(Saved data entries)
/---

(* Let $X$ be a $T_0$ topological space which is $k$-bounded sober. Then the following are equivalent: (i) the convergence class $\mathcal{I}$ of $\operatorname{Irr}$-convergence on $X$ is topological; (ii) $X$ is $\operatorname{Irr}$-continuous.
   Context: For a topological space $X$, a nonempty subset $E\subseteq X$ is irreducible if whenever $E\subseteq A_1\cup A_2$ with $A_1,A_2$ closed, then $E\subseteq A_1$ or $E\subseteq A_2$. The specialisation order is $x\le y$ iff $x\in\operatorname{cl}(\{y\})$; $\uparrow x=\{z: z\ge x\}$; suprema $\bigvee$ are least upper bounds with respect to this order. $\operatorname{Irr}^+(X)$ denotes the set of irreducible subsets of $X$ whose supremum exists. $X$ is $k$-bounded sober if every closed set $F\in\operatorname{Irr}^+(X)$ is the closure of a unique singleton. The $\operatorname{Irr}$-way-below relation: $x\ll_{\operatorname{Irr}} y$ iff for every $E\in\operatorname{Irr}^+(X)$ with $\bigvee E\ge y$ one has $E\cap\uparrow x\neq\emptyset$; write $\twoheaddownarrow_{\operatorname{Irr}} x=\{y: y\ll_{\operatorname{Irr}} x\}$. $X$ is $\operatorname{Irr}$-continuous if for every $x\in X$, $\twoheaddownarrow_{\operatorname{Irr}} x$ is irreducible in $X$ and $x=\bigvee\twoheaddownarrow_{\operatorname{Irr}} x$. A net $(x_i)_{i\in I}$ in $X$ is a map from a preorder $(I,\le)$ to $X$. A net $(x_i)_{i\in I}$ $\operatorname{Irr}$-converges to $y$ if there is $E\in\operatorname{Irr}^+(X)$ with $\bigvee E\ge y$ such that for each $e\in E$ there is $k(e)\in I$ with $x_i\ge e$ for all $i\ge k(e)$. $\mathcal{I}$ is the relation between nets in $X$ and points of $X$ consisting of all pairs $((x_i)_{i\in I},y)$ with $(x_i)$ $\operatorname{Irr}$-converging to $y$. A convergence class $\mathcal{S}$ on $X$ is topological if there is a topology $\sigma$ on $X$ such that $((x_i),x)\in\mathcal{S}$ iff for every $U\in\sigma$ with $x\in U$ there is $i_0$ with $x_i\in U$ for all $i\ge i_0$. *)

From HB Require Import structures.
From mathcomp Require Import all_boot all_order.
From mathcomp Require Import all_classical topology.
Set Implicit Arguments. Unset Strict Implicit. Unset Printing Implicit Defensive.
Local Open Scope classical_set_scope.

Section IrrDefs.
Variable X : topologicalType.

Definition spec_le (x y : X) : Prop := closure [set y] x.

Definition upper_set (x : X) : set X := [set z | spec_le x z].

Definition irreducible (E : set X) : Prop :=
  E !=set0 /\
  forall A1 A2 : set X, closed A1 -> closed A2 ->
    E `<=` A1 `|` A2 -> E `<=` A1 \/ E `<=` A2.

Definition is_sup (E : set X) (s : X) : Prop :=
  (forall e, E e -> spec_le e s) /\
  (forall u, (forall e, E e -> spec_le e u) -> spec_le s u).

Definition IrrPlus (E : set X) : Prop := irreducible E /\ exists s, is_sup E s.

Definition k_bounded_sober : Prop :=
  forall F : set X, closed F -> IrrPlus F -> exists! x : X, F = closure [set x].

Definition irr_way_below (x y : X) : Prop :=
  forall E : set X, IrrPlus E ->
    forall s, is_sup E s -> spec_le y s -> exists2 e, E e & spec_le x e.

Definition irr_ddown (x : X) : set X := [set y | irr_way_below y x].

Definition irr_continuous : Prop :=
  forall x : X, irreducible (irr_ddown x) /\ is_sup (irr_ddown x) x.

Definition irr_converges (I : Type) (le : I -> I -> Prop) (x : I -> X) (y : X)
  : Prop :=
  exists E : set X, IrrPlus E /\
    (exists s, is_sup E s /\ spec_le y s) /\
    forall e, E e -> exists k : I, forall i, le k i -> spec_le e (x i).

Definition is_topology_on (sigma : set (set X)) : Prop :=
  sigma setT /\
  (forall U V, sigma U -> sigma V -> sigma (U `&` V)) /\
  (forall (F : set (set X)), F `<=` sigma -> sigma (\bigcup_(U in F) U)).

Definition irr_convergence_topological : Prop :=
  exists sigma : set (set X), is_topology_on sigma /\
    forall (I : Type) (le : I -> I -> Prop),
      (forall i, le i i) -> (forall i j k, le i j -> le j k -> le i k) ->
      forall (x : I -> X) (y : X),
        irr_converges le x y <->
        (forall U, sigma U -> U y -> exists i0 : I, forall i, le i0 i -> U (x i)).

End IrrDefs.

(* Irr-convergence is always finer than convergence in the "Irr-Scott" topology, whose opens are the
   upper sets U such that every E in Irr^+(X) with sup E in U meets U.  If the convergence is
   topological, the net of points of neighbourhoods of x converges to x, and its witness E lies in
   the Irr-way-below set of x; k-bounded sobriety puts sup E in the closure of E, which makes that
   set irreducible with supremum x.  Conversely, for an Irr-continuous space the way-below
   relation interpolates, so the sets {z | e << z} are Irr-Scott open; a net eventually in all of
   them Irr-converges, with witness the way-below set of the limit. *)
From mathcomp Require Import all_boot all_order.
From mathcomp Require Import all_classical topology.
Set Implicit Arguments. Unset Strict Implicit. Unset Printing Implicit Defensive.
Local Open Scope classical_set_scope.

Section IrrScott.
Variable X : topologicalType.
Implicit Types (x y z : X) (A B E S T U : set X).

Lemma closure_minimal A B : closed A -> B `<=` A -> closure B `<=` A.
Proof. by move=> cA BA; rewrite (closure_id A).1 //; apply: closureS. Qed.

Lemma spec_le_refl x : spec_le x x.
Proof. exact: subset_closure. Qed.
Arguments spec_le_refl : clear implicits.

Lemma closed_spec_le_down A x y : closed A -> A y -> spec_le x y -> A x.
Proof. by move=> cA Ay; apply: closure_minimal => // z ->. Qed.

Lemma spec_le_trans x y z : spec_le x y -> spec_le y z -> spec_le x z.
Proof. by move=> xy yz; exact: closed_spec_le_down (@closed_closure _ _) yz xy. Qed.

Lemma upper_bound_closure E u :
  (forall e, E e -> spec_le e u) -> closure E `<=` closure [set u].
Proof. by move=> ub; apply: closure_minimal => //; exact: closed_closure. Qed.

Lemma irreducible_closure_eq S T :
  S `<=` closure T -> T `<=` closure S -> irreducible S -> irreducible T.
Proof.
move=> ST TS [[s Ss] irrS]; split.
  by apply/set0P/negP => /eqP T0; have := ST _ Ss; rewrite T0 closure0.
move=> A1 A2 cA1 cA2 TA.
have SA : S `<=` A1 `|` A2.
  by apply: subset_trans ST _; apply: closure_minimal => //; exact: closedU.
by have [SA1|SA2] := irrS _ _ cA1 cA2 SA; [left|right];
  apply: subset_trans TS _; apply: closure_minimal.
Qed.

Lemma is_sup_closure_eq S T s :
  S `<=` closure T -> T `<=` closure S -> is_sup S s -> is_sup T s.
Proof.
move=> ST TS [ubS lubS]; split=> [e Te|u ubT].
  exact: upper_bound_closure ubS _ (TS _ Te).
by apply: lubS => e Se; exact: upper_bound_closure ubT _ (ST _ Se).
Qed.

Lemma is_sup1 x : is_sup [set x] x.
Proof. by split=> [e ->|u]; [exact: spec_le_refl|apply]. Qed.

Lemma IrrPlus1 x : IrrPlus [set x].
Proof.
split; last by exists x; exact: is_sup1.
split; first by exists x.
by move=> A1 A2 _ _ cov; have [?|?] := cov x erefl; [left|right] => z ->.
Qed.

Lemma irr_way_belowW x y : irr_way_below x y -> spec_le x y.
Proof. by move=> xy; have [e ->] := xy _ (IrrPlus1 y) y (is_sup1 y) (spec_le_refl y). Qed.

Lemma irr_way_below_le_trans x y z :
  irr_way_below x y -> spec_le y z -> irr_way_below x z.
Proof. by move=> xy yz E HE s Hs zs; apply: (xy E HE s Hs); exact: spec_le_trans zs. Qed.

Lemma le_irr_way_below_trans x' x y :
  spec_le x' x -> irr_way_below x y -> irr_way_below x' y.
Proof.
move=> x'x xy E HE s Hs ys; have [e Ee xe] := xy E HE s Hs ys.
by exists e => //; exact: spec_le_trans xe.
Qed.

Lemma irr_converges_const (I : Type) (le : I -> I -> Prop) (i0 : I) x y :
  spec_le y x -> irr_converges le (fun _ : I => x) y.
Proof.
move=> yx; exists [set x]; split; first exact: IrrPlus1.
split; first by exists x; split=> //; exact: is_sup1.
by move=> e ->; exists i0 => i _; exact: spec_le_refl.
Qed.

Lemma irr_converges_sval E s : IrrPlus E -> is_sup E s ->
  irr_converges (fun i j : {e : X | E e} => spec_le (sval i) (sval j)) sval s.
Proof.
move=> HE Hs; exists E; split=> //; split; first by exists s; split=> //; exact: spec_le_refl.
by move=> e Ee; exists (exist _ e Ee).
Qed.

Definition irr_open U : Prop :=
  (forall x y, U x -> spec_le x y -> U y) /\
  (forall E, IrrPlus E -> forall s, is_sup E s -> U s -> exists2 e, E e & U e).

Lemma irr_open_not_dense_complement U E s : irr_open U -> IrrPlus E -> is_sup E s ->
  U s -> ~ E `<=` closure (E `\` U).
Proof.
move=> [_ inaccU] [irrE _] supE Us EU.
have EUE : E `\` U `<=` closure E by move=> z [/subset_closure].
have irrEU := irreducible_closure_eq EU EUE irrE.
have supEU := is_sup_closure_eq EU EUE supE.
by have [e [_ nUe] Ue] := inaccU _ (conj irrEU (ex_intro _ s supEU)) s supEU Us.
Qed.

Lemma irr_open_topology : is_topology_on irr_open.
Proof.
split; [|split].
- by split=> // E [[[e Ee] _] _] s _ _; exists e.
- move=> U V oU oV; split=> [x y [Ux Vx] xy|E HE s Hs [Us Vs]].
    by split; [exact: oU.1 xy|exact: oV.1 xy].
  apply: contrapT => noUV.
  have cov : E `<=` closure (E `\` U) `|` closure (E `\` V).
    move=> e Ee; have [Ue|nUe] := pselect (U e); last by left; exact: subset_closure.
    have [Ve|nVe] := pselect (V e); first by exfalso; apply: noUV; exists e.
    by right; exact: subset_closure.
  have [EU|EV] := HE.1.2 _ _ (@closed_closure _ _) (@closed_closure _ _) cov.
    exact: irr_open_not_dense_complement oU HE Hs Us EU.
  exact: irr_open_not_dense_complement oV HE Hs Vs EV.
- move=> F oF; split=> [x y [U FU Ux] xy|E HE s Hs [U FU Us]].
    by exists U => //; exact: (oF U FU).1 xy.
  have [e Ee Ue] := (oF U FU).2 E HE s Hs Us.
  by exists e => //; exists U.
Qed.

Lemma irr_open_upper_irr_way_below U e x :
  irr_open U -> U x -> U `<=` upper_set e -> irr_way_below e x.
Proof.
move=> [upU inaccU] Ux Ue F HF t Ht xt.
have [f Ff Uf] := inaccU F HF t Ht (upU _ _ Ux xt).
by exists f => //; exact: Ue.
Qed.

Lemma irr_converges_eventually_irr_open (I : Type) (le : I -> I -> Prop) (x : I -> X) y U :
  irr_converges le x y -> irr_open U -> U y -> exists i0, forall i, le i0 i -> U (x i).
Proof.
move=> [E [HE [[s [Hs ys]] ev]]] [upU inaccU] Uy.
have [e Ee Ue] := inaccU E HE s Hs (upU _ _ Uy ys).
by have [i0 ev0] := ev e Ee; exists i0 => i /ev0; exact: upU.
Qed.

End IrrScott.

Arguments spec_le_refl {X} x.

Section BoundedSober.
Variable X : topologicalType.
Hypothesis ks : k_bounded_sober X.

Lemma is_sup_in_closure (E : set X) s : IrrPlus E -> is_sup E s -> closure E s.
Proof.
move=> [irrE _] supE.
have EcE : E `<=` closure (closure E) by move=> e Ee; do 2!apply: subset_closure.
have cEE : closure E `<=` closure E by [].
have cE_sup := is_sup_closure_eq EcE cEE supE.
have [x [cEx _]] := ks (@closed_closure _ E)
  (conj (irreducible_closure_eq EcE cEE irrE) (ex_intro _ s cE_sup)).
by rewrite cEx in cE_sup *; apply: cE_sup.2.
Qed.

Lemma irr_continuous_at_of_approximation (E : set X) s x :
  IrrPlus E -> is_sup E s -> spec_le x s -> E `<=` irr_ddown x ->
  irreducible (irr_ddown x) /\ is_sup (irr_ddown x) x.
Proof.
move=> HE Hs xs Ex.
have Ecl : E `<=` closure (irr_ddown x) by move=> e /Ex/subset_closure.
have clE : irr_ddown x `<=` closure E.
  move=> d dx; apply: closed_spec_le_down (@closed_closure _ _) (is_sup_in_closure HE Hs) _.
  exact: spec_le_trans (irr_way_belowW dx) xs.
split; first exact: irreducible_closure_eq Ecl clE HE.1.
split=> [d /irr_way_belowW //|u ub].
exact: spec_le_trans xs (Hs.2 _ (fun e Ee => ub e (Ex e Ee))).
Qed.

Section Continuous.
Hypothesis cont : irr_continuous X.

Lemma irr_way_below_interpolation (x y : X) :
  irr_way_below x y -> exists2 d, irr_way_below x d & irr_way_below d y.
Proof.
move=> xy.
pose Es := [set z | exists2 d, irr_way_below d y & irr_way_below z d].
have Es_sub : Es `<=` closure (irr_ddown y).
  move=> z [d dy zd]; apply: closed_spec_le_down (@closed_closure _ _) _ (irr_way_belowW zd).
  exact: subset_closure.
have sub_Es : irr_ddown y `<=` closure Es.
  move=> d dy; have [irr_d sup_d] := cont d.
  apply: closureS (is_sup_in_closure (conj irr_d (ex_intro _ d sup_d)) sup_d).
  by move=> z zd; exists d.
have [irr_y sup_y] := cont y.
have sup_Es := is_sup_closure_eq sub_Es Es_sub sup_y.
have irr_Es := irreducible_closure_eq sub_Es Es_sub irr_y.
have [z [d dy zd] xz] :=
  xy Es (conj irr_Es (ex_intro _ y sup_Es)) y sup_Es (spec_le_refl y).
by exists d => //; exact: le_irr_way_below_trans xz zd.
Qed.

Lemma irr_open_way_above (x : X) : irr_open [set z | irr_way_below x z].
Proof.
split=> [a b xa ab|E HE s Hs xs]; first exact: irr_way_below_le_trans xa ab.
have [d xd ds] := irr_way_below_interpolation xs.
have [z Ez dz] := ds E HE s Hs (spec_le_refl s).
by exists z => //; exact: irr_way_below_le_trans xd dz.
Qed.

Lemma eventually_irr_open_irr_converges (I : Type) (le : I -> I -> Prop) (x : I -> X) y :
  (forall U, irr_open U -> U y -> exists i0, forall i, le i0 i -> U (x i)) ->
  irr_converges le x y.
Proof.
move=> ev; have [irr_y sup_y] := cont y.
exists (irr_ddown y); split; first by split=> //; exists y.
split; first by exists y; split=> //; exact: spec_le_refl.
move=> e ey; have [i0 ev0] := ev _ (irr_open_way_above e) ey.
by exists i0 => i /ev0/irr_way_belowW.
Qed.

End Continuous.
End BoundedSober.

Section TopologicalConvergence.
Variable X : topologicalType.
Variable sigma : set (set X).
Hypothesis sigma_conv : forall (I : Type) (le : I -> I -> Prop),
  (forall i, le i i) -> (forall i j k, le i j -> le j k -> le i k) ->
  forall (x : I -> X) (y : X),
    irr_converges le x y <->
    (forall U, sigma U -> U y -> exists i0 : I, forall i, le i0 i -> U (x i)).

Lemma sigma_irr_open U : sigma U -> irr_open U.
Proof.
move=> sU; split=> [y x Uy yx|E HE s Hs Us].
  have [i0 ev] := (sigma_conv (le := fun _ _ : unit => True)
    (fun=> I) (fun _ _ _ _ _ => I) _ y).1 (irr_converges_const _ tt yx) U sU Uy.
  exact: ev i0 I.
pose le := fun i j : {e | E e} => spec_le (sval i) (sval j).
have [[e Ee] ev] := (sigma_conv (le := le) (fun i => spec_le_refl (sval i))
  (fun i j k => @spec_le_trans X _ _ _) _ s).1 (irr_converges_sval HE Hs) U sU Us.
by exists e => //; apply: (ev (exist _ e Ee)); exact: spec_le_refl.
Qed.

Lemma irr_approximation (x : X) :
  exists E s, [/\ IrrPlus E, is_sup E s, spec_le x s & E `<=` irr_ddown x].
Proof.
pose J := {p : set X * X | [/\ sigma p.1, p.1 x & p.1 p.2]}.
pose le := fun i j : J => (sval j).1 `<=` (sval i).1.
have conv : irr_converges le (fun i => (sval i).2) x.
  apply/(sigma_conv (le := le) (fun i => @subset_refl _ _)).
    by move=> i j k ij jk; exact: subset_trans jk ij.
  move=> U sU Ux; exists (exist _ (U, x) (And3 sU Ux Ux)) => i VU.
  by apply: VU; case: (svalP i).
have [E [HE [[s [Hs xs]] ev]]] := conv.
exists E, s; split=> // e Ee.
have [[[U0 z0] P] ev0] := ev e Ee; have [sU0 U0x _] := P.
apply: (irr_open_upper_irr_way_below (sigma_irr_open sU0) U0x) => z U0z.
exact: (ev0 (exist _ (U0, z) (And3 sU0 U0x U0z)) (@subset_refl _ _)).
Qed.

End TopologicalConvergence.

Theorem theorem1p1 (X : topologicalType) :
  kolmogorov_space X -> k_bounded_sober X ->
  (irr_convergence_topological X <-> irr_continuous X).
Proof.
move=> _ ks; split=> [[sigma [_ sigma_conv]] x|cont].
- have [E [s [HE Hs xs Ex]]] := irr_approximation sigma_conv x.
  exact: (irr_continuous_at_of_approximation ks HE Hs xs Ex).
- exists (@irr_open X); split; first exact: irr_open_topology.
  move=> I le _ _ x y; split=> [conv U|]; first exact: irr_converges_eventually_irr_open.
  exact: (eventually_irr_open_irr_converges ks cont).
Qed.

\---

_What needs to be done_. The answer must be every line of the records above that holds the word "noUV".

_Exercise output_.
  apply: contrapT => noUV.
    have [Ve|nVe] := pselect (V e); first by exfalso; apply: noUV; exists e.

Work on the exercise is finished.